__What the task requires__. After locating the line with "have -> : divA" in the data that follows, return it and every later line exactly, up to and including the line with "first_neumann_eigenvalue Om A r lam1 ->".

__Stored items__.
::::::::::

Lemma iter_int_fin_gt0 n (g : 'rV[R]_n -> \bar R) (x0 : 'rV[R]_n) (M C c rho : R) :
  0 <= M -> 0 <= C -> 0 < c -> 0 < rho -> (forall y, 0 <= g y)%E ->
  (forall y, g y <= C%:E)%E ->
  (forall y : 'rV[R]_n, ~ (forall i, `|y 0 i| <= M) -> g y = 0%E) ->
  (forall y : 'rV[R]_n, (forall i, `|y 0 i - x0 0 i| < rho) -> (c%:E <= g y)%E) ->
  exists2 j, 0 < j & iter_int g = j%:E.
Proof.
move=> M0 C0 c0 rho0 g0 gC g_out g_in.
have ub : (iter_int g <= (C * \prod_(i < n) (M - - M))%:E)%E.
  apply: iter_int_box_ub => //.
  - by move=> i; lra.
  - by move=> y y_out; rewrite g_out // => y_in; apply: y_out => i; rewrite -ler_norml.
have lb : ((c * \prod_(i < n) ((x0 0 i + rho) - (x0 0 i - rho)))%:E
    <= iter_int g)%E.
  apply: iter_int_box_lb => //.
  - by move=> i; lra.
  - exact: ltW.
  - by move=> y y_in; apply: g_in => i; rewrite ltr_distl y_in.
have P0 : 0 < c * \prod_(i < n) ((x0 0 i + rho) - (x0 0 i - rho)).
  by apply: mulr_gt0 => //; apply: prodr_gt0 => i _; lra.
move: lb ub; case: (iter_int g) => [x| |] //= lb _.
by exists x => //; apply: lt_le_trans P0 _; rewrite -lee_fin.
Qed.

End iterated_integral.

Lemma indic_mul_ge0 (T : Type) (R : realType) (S : set T) (g : T -> R) y :
  (forall x, S x -> 0 <= g x) -> 0 <= \1_S y * g y.
Proof.
move=> g0; rewrite indicE; have [/set_mem Sy|] := boolP (y \in S).
  by rewrite mul1r g0.
by rewrite mul0r.
Qed.

Lemma rV_coord_le_norm (R : realType) n (x : 'rV[R]_n) i : `|x 0 i| <= `|x|.
Proof.
rewrite [X in _ <= X]mx_normrE.
exact: (@le_bigmax_cond _ _ _ 0 ((0 : 'I_1), i) xpredT (fun ij => `|x ij.1 ij.2|)).
Qed.

Lemma rV_norm_lt (R : realType) n (x : 'rV[R]_n) e :
  0 < e -> (forall i, `|x 0 i| < e) -> `|x| < e.
Proof.
move=> e0 x_lt; rewrite [X in X < _]mx_normrE.
by apply: bigmax_lt => // -[i j] _ /=; rewrite (ord1 i).
Qed.

Lemma bounded_closure_norm_le (R : realType) (V : normedModType R) (S : set V) :
  bounded_set S -> exists2 M : R, 0 < M & forall x, closure S x -> `|x| <= M.
Proof.
move=> [M [Mreal SM]].
have M1 : M < `|M| + 1 by apply: le_lt_trans (real_ler_norm Mreal) _; rewrite ltrDl.
exists (`|M| + 1); first by have := normr_ge0 M; lra.
have S_ball : S `<=` closed_ball (0 : V) (`|M| + 1).
  move=> x Sx; rewrite closed_ballE; last by have := normr_ge0 M; lra.
  by rewrite /closed_ball_ /= sub0r normrN; exact: (SM _ M1 x Sx).
move=> x /(closureS S_ball).
rewrite -(proj1 (closure_id _) (@closed_closure _ _)) -/(closed_ball _ _).
by rewrite closed_ballE ?ltr_wpDl // /closed_ball_ /= sub0r normrN.
Qed.

Lemma bounded_compact_closure (R : realType) n (S : set 'rV[R]_n) :
  bounded_set S -> compact (closure S).
Proof.
move=> /bounded_closure_norm_le[M M0 SM].
apply: bounded_closed_compact; last exact: closed_closure.
exists M; split; first exact: num_real.
by move=> M' MM' x Sx; apply: le_trans (SM x Sx) _; exact: ltW.
Qed.

Lemma within_closure_cvg (T U : topologicalType) (S : set T) (f : T -> U) x :
  open S -> S x -> {within closure S, continuous f} -> f @ x --> f x.
Proof.
move=> oS Sx f_cont.
have := continuous_subspaceW (@subset_closure _ S) f_cont.
by rewrite continuous_open_subspace // => /(_ x (mem_set Sx)).
Qed.

Lemma lip_on_ge0 (R : realType) n (S : set 'rV[R]_n) (f : 'rV[R]_n -> R) :
  lip_on S f -> exists2 L, 0 < L &
    forall x y, S x -> S y -> `|f x - f y| <= L * `|x - y|.
Proof.
move=> [L fL]; exists (`|L| + 1) => [|x y Sx Sy]; first by have := normr_ge0 L; lra.
apply: le_trans (fL x y Sx Sy) _; apply: ler_wpM2r; first exact: normr_ge0.
by have := real_ler_norm (num_real L); lra.
Qed.

Lemma lip_on_ubound (R : realType) n (S : set 'rV[R]_n) (f : 'rV[R]_n -> R) x0 M :
  lip_on S f -> S x0 -> (forall x, S x -> `|x| <= M) ->
  exists C, forall y, S y -> f y <= C.
Proof.
move=> /lip_on_ge0[L L0 fL] Sx0 SM; exists (f x0 + L * (M + M)) => y Sy.
have yx0 : `|y - x0| <= M + M by apply: le_trans (ler_normB _ _) (lerD (SM _ Sy) (SM _ Sx0)).
have := fL y x0 Sy Sx0; rewrite ler_norml => /andP[_ fyx0].
have : L * `|y - x0| <= L * (M + M) by rewrite ler_pM2l.
lra.
Qed.

Lemma lip_on_cvg (R : realType) n (S : set 'rV[R]_n) (f : 'rV[R]_n -> R) x :
  lip_on S f -> nbhs x S -> f @ x --> f x.
Proof.
move=> /lip_on_ge0[L L0 fL] Sx.
apply/(@cvgrPdist_lt _ _ _ _ (nbhs_pfilter x)) => e e0.
have [d d0 dS] := (nbhs_ballP _ _).1 Sx.
apply/nbhs_ballP; exists (Num.min d (e / L)) => [|y].
  by rewrite /= lt_min d0 divr_gt0.
rewrite -ball_normE /ball_ /= lt_min => /andP[yd ye].
have Sy : S y by apply: dS; rewrite -ball_normE.
apply: le_lt_trans (fL x y (nbhs_singleton Sx) Sy) _.
by rewrite -ltr_pdivlMl // mulrC.
Qed.

Section weighted_power_integral.
Variables (R : realType) (N : nat) (Om : set 'rV[R]_N) (k phi : 'rV[R]_N -> R).
Variable p : R.
Hypotheses (p_ge0 : 0 <= p) (k_lip : lip_on (closure Om) k).
Hypothesis k_gt0 : forall x, closure Om x -> 0 < k x.
Hypothesis phi_cont : {within closure Om, continuous phi}.
Hypothesis phi_gt0 : forall x, Om x -> 0 < phi x.

Let powR_le a b : 0 <= a <= b -> a `^ p <= b `^ p.
Proof.
move=> /andP[a0 ab].
by apply: ge0_ler_powR; rewrite ?nnegrE //; exact: le_trans ab.
Qed.

Let weight_ge0 y : Om y -> 0 <= k y * `|phi y| `^ p.
Proof. by move=> Oy; rewrite mulr_ge0 ?powR_ge0 // ltW // k_gt0 //; exact: subset_closure. Qed.

Lemma weighted_pow_ubound : Om !=set0 -> bounded_set Om ->
  exists2 C, 0 <= C & forall y, Om y -> k y * `|phi y| `^ p <= C.
Proof.
move=> [x0 Om_x0] bOm; have clOm_x0 := subset_closure Om_x0.
have [M _ normM] := bounded_closure_norm_le bOm.
have [kM kM_ub] := lip_on_ubound k_lip clOm_x0 normM.
have [c _ phi_ub] := EVT_max_rV (ex_intro _ x0 clOm_x0)
  (bounded_compact_closure bOm) phi_cont.
have kM0 : 0 <= kM by apply: le_trans (ltW (k_gt0 clOm_x0)) (kM_ub _ clOm_x0).
exists (kM * phi c `^ p) => [|y Oy]; first by rewrite mulr_ge0 ?powR_ge0.
have clOm_y := subset_closure Oy.
apply: ler_pM; rewrite ?powR_ge0 //; first exact/ltW/k_gt0.
  exact: kM_ub.
by rewrite ger0_norm ?powR_le // ltW ?phi_gt0 //= phi_ub // inE.
Qed.

Lemma near_weighted_pow_lbound x0 : open Om -> Om x0 -> exists2 c, 0 < c &
  \forall y \near x0, Om y /\ c <= k y * `|phi y| `^ p.
Proof.
move=> oOm Om_x0; have nOm : nbhs x0 Om by apply: open_nbhs_nbhs.
have kx0 := k_gt0 (subset_closure Om_x0); have phix0 := phi_gt0 Om_x0.
have k_cvg : k @ x0 --> k x0.
  by apply: lip_on_cvg k_lip _; apply: filterS nOm; exact: subset_closure.
have phi_cvg := within_closure_cvg oOm Om_x0 phi_cont.
have k_half : k x0 / 2 < k x0 by lra.
have phi_half : phi x0 / 2 < phi x0 by lra.
exists (k x0 / 2 * (phi x0 / 2) `^ p); first by rewrite mulr_gt0 ?powR_gt0 //; lra.
near=> y; split; first by near: y.
have ky : k x0 / 2 < k y by near: y; exact: cvgr_gt k_cvg _ k_half.
have phiy : phi x0 / 2 < phi y by near: y; exact: cvgr_gt phi_cvg _ phi_half.
rewrite ger0_norm; last by lra.
by rewrite ler_pM ?powR_ge0 ?powR_le //; lra.
Unshelve. all: by end_near. Qed.

Lemma dom_int_weighted_pow_gt0 : lipschitz_domain Om ->
  0 < dom_int Om (fun y => k y * `|phi y| `^ p).
Proof.
move=> [oOm _ Om_x0 bOm _]; have [x0 Ox0] := Om_x0.
have [M M0 normM] := bounded_closure_norm_le bOm.
have [C C0 le_C] := weighted_pow_ubound Om_x0 bOm.
have [c c0 /(nbhs_ballP _ _)[rho rho0 ball_rho]] := near_weighted_pow_lbound oOm Ox0.
set g := fun y => (\1_Om y * (k y * `|phi y| `^ p))%:E.
have g_in y : Om y -> g y = (k y * `|phi y| `^ p)%:E.
  by move=> Oy; rewrite /g indicE mem_set // mul1r.
have g_out y : ~ Om y -> g y = 0%E by move=> nOy; rewrite /g indicE memNset // mul0r.
suff [j j0 gj] : exists2 j, 0 < j & iter_int g = j%:E by rewrite /dom_int -/g gj.
apply: (@iter_int_fin_gt0 _ _ g x0 M C c rho) => //.
- exact: ltW.
- by move=> y; have [Oy|/g_out->//] := pselect (Om y); rewrite g_in // lee_fin weight_ge0.
- by move=> y; have [Oy|/g_out->//] := pselect (Om y); rewrite g_in // lee_fin le_C.
- move=> y y_out; apply: g_out => Oy; apply: y_out => i.
  by apply: le_trans (rV_coord_le_norm y i) _; exact/normM/subset_closure.
- move=> y y_in; have [Oy c_le] : Om y /\ c <= k y * `|phi y| `^ p.
    apply: ball_rho; rewrite -ball_normE /ball_ /= distrC.
    by apply: rV_norm_lt => // i; rewrite !mxE.
  by rewrite g_in // lee_fin.
Qed.

End weighted_power_integral.

(* Unlike [deriveZ], no derivability hypothesis: if [f] is not derivable then
   neither is [c * f], and both sides are the junk value [0]. *)
Lemma deriveZ_neq0 (R : realType) (V : normedModType R) (f : V -> R) (c : R) x v :
  c != 0 -> 'D_v (fun y => c * f y) x = c * 'D_v f x.
Proof.
move=> c0; have [df|ndf] := pselect (derivable f x v); first exact: deriveZ.
have ndcf : ~ derivable (fun y => c * f y) x v.
  move=> /(derivableZ (k := c^-1)) dcf; apply: ndf.
  suff <- : c^-1 \*: (fun y => c * f y) = f by [].
  by apply/funext => y /=; rewrite /GRing.scale /= mulrA mulVf // mul1r.
rewrite /derive /lim /lim_in [LHS]getPN; last first.
  by move=> l l_lim; apply: ndcf; apply/cvg_ex; exists l.
rewrite [X in _ * X]getPN ?mulr0 //.
by move=> l l_lim; apply: ndf; apply/cvg_ex; exists l.
Qed.

Section scaling.
Variables (R : realType) (N : nat) (Om : set 'rV[R]_N) (A : 'rV[R]_N -> 'M[R]_N).
Variables (c : R) (u : 'rV[R]_N -> R).
Hypothesis c_neq0 : c != 0.

Lemma fluxZ i : flux A (fun y => c * u y) i = (fun y => c * flux A u i y).
Proof.
apply/funext => y; rewrite /flux mulr_sumr; apply: eq_bigr => j _.
by rewrite /partial deriveZ_neq0 // mulrCA.
Qed.

Lemma divAZ : divA A (fun y => c * u y) = (fun x => c * divA A u x).
Proof.
apply/funext => x; rewrite /divA mulr_sumr; apply: eq_bigr => i _.
by rewrite fluxZ /partial deriveZ_neq0.
Qed.

Lemma classical_regZ : classical_reg Om A u -> classical_reg Om A (fun y => c * u y).
Proof.
move=> [u_cont u_diff]; split=> [x|x Ox].
  by apply: cvgM; [exact: cvg_cst | exact: u_cont].
have [du dflux] := u_diff x Ox; split=> [|i]; first exact: differentiableZ.
by rewrite fluxZ; exact: differentiableZ.
Qed.

End scaling.

Lemma neumannZ (R : realType) N (Om : set 'rV[R]_N) (c : R) (u : 'rV[R]_N -> R) :
  neumann Om u -> neumann Om (fun y => c * u y).
Proof.
move=> u_neu x nu nu_normal.
have -> : (fun h : R => (c * u x - c * u (x - h *: nu)) / h) =
    (fun h : R => c * ((u x - u (x - h *: nu)) / h)).
  by apply/funext => h; rewrite -mulrBr mulrA.
rewrite -[X in _ --> X](mulr0 c).
by apply: cvgM; [exact: cvg_cst | exact: u_neu].
Qed.

(* No finiteness assumption is needed: [c * +oo = +oo], [c * -oo = -oo], and
   [fine] sends both to [0]. *)
Lemma dom_intZ (R : realType) N (Om : set 'rV[R]_N) (g : 'rV[R]_N -> R) (c : R) :
  0 < c -> (forall y, Om y -> 0 <= g y) ->
  dom_int Om (fun y => c * g y) = c * dom_int Om g.
Proof.
move=> c0 g0; rewrite /dom_int.
under eq_fun do rewrite mulrCA EFinM.
rewrite iter_intZ //; last by move=> y; rewrite lee_fin indic_mul_ge0.
case: (iter_int _) => [x| |] //=.
  by rewrite gt0_muley ?lte_fin ?mulr0.
by rewrite gt0_muleNy ?lte_fin ?mulr0.
Qed.

Lemma scaled_eigenfunction_stationary (R : realType) N (Om : set 'rV[R]_N)
    (A : 'rV[R]_N -> 'M[R]_N) (r k : 'rV[R]_N -> R) (p lam mu : R)
    (phi : 'rV[R]_N -> R) :
  neumann_eigenpair Om A r lam phi -> (forall x, Om x -> 0 < phi x) -> 0 < mu ->
  dom_int Om (fun y => k y * `|mu * phi y| `^ p) = - lam ->
  positive_stationary_solution Om A r k p (fun x => mu * phi x).
Proof.
move=> [phi_reg _ phi_eq phi_neu] phi_gt0 mu0 J_eq; have mu_neq0 := lt0r_neq0 mu0.
split=> [t _|x Ox]; last by rewrite mulr_gt0 ?phi_gt0.
split; [exact: classical_regZ mu_neq0 phi_reg | move=> x Ox | exact: neumannZ].
split; first exact: derivable_cst.
rewrite derive_cst J_eq divAZ //.
have -> : divA A phi x = - lam * phi x - r x * phi x by rewrite -(phi_eq x Ox) addrK.
by ring.
Qed.

Theorem lemma3p1 (R : realType) (N : nat) (Om : set 'rV[R]_N)
  (A : 'rV[R]_N -> 'M[R]_N) (r k : 'rV[R]_N -> R) (p : R)
  (lam1 : R) (phi1 : 'rV[R]_N -> R) :
  lipschitz_domain Om ->
  smooth_on_closure Om A -> uniformly_elliptic Om A ->
  lip_on (closure Om) r -> (forall x, closure Om x -> 0 < r x) ->
  lip_on (closure Om) k -> (forall x, closure Om x -> 0 < k x) ->
  1 <= p ->
  first_neumann_eigenvalue Om A r lam1 ->
  neumann_eigenpair Om A r lam1 phi1 ->
  (forall x, Om x -> 0 < phi1 x) ->
  lam1 < 0 ->
  exists2 mu : R, 0 < mu &
    positive_stationary_solution Om A r k p (fun x => mu * phi1 x).
Proof.
move=> Om_dom _ _ _ _ k_lip k_gt0 p1 _ eig phi_gt0 lam_lt0.
have [[phi_cont _] _ _ _] := eig.
have p0 : 0 < p by lra.
set J := dom_int Om (fun y => k y * `|phi1 y| `^ p).
have J0 : 0 < J by apply: dom_int_weighted_pow_gt0 => //; exact: ltW.
pose mu := (- lam1 / J) `^ p^-1.
have mu0 : 0 < mu by rewrite powR_gt0 // divr_gt0 // oppr_gt0.
have mu_p : mu `^ p = - lam1 / J.
  by rewrite -powRrM mulVf ?gt_eqF // powRr1 // ltW // divr_gt0 // oppr_gt0.
exists mu => //.
apply: (scaled_eigenfunction_stationary eig phi_gt0 mu0).
have -> : (fun y => k y * `|mu * phi1 y| `^ p)
    = (fun y => mu `^ p * (k y * `|phi1 y| `^ p)).
  by apply/funext => y; rewrite normrM (gtr0_norm mu0) powRM ?normr_ge0 ?ltW // mulrCA.
rewrite dom_intZ; first by rewrite -/J mu_p divfK ?gt_eqF.
  exact: powR_gt0.
by move=> y Oy; rewrite mulr_ge0 ?powR_ge0 // ltW // k_gt0 //; exact: subset_closure.
Qed.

::::::::::

__Response box__.
have -> : divA A phi x = - lam * phi x - r x * phi x by rewrite -(phi_eq x Ox) addrK.
by ring.
Qed.

Theorem lemma3p1 (R : realType) (N : nat) (Om : set 'rV[R]_N)
  (A : 'rV[R]_N -> 'M[R]_N) (r k : 'rV[R]_N -> R) (p : R)
  (lam1 : R) (phi1 : 'rV[R]_N -> R) :
  lipschitz_domain Om ->
  smooth_on_closure Om A -> uniformly_elliptic Om A ->
  lip_on (closure Om) r -> (forall x, closure Om x -> 0 < r x) ->
  lip_on (closure Om) k -> (forall x, closure Om x -> 0 < k x) ->
  1 <= p ->
  first_neumann_eigenvalue Om A r lam1 ->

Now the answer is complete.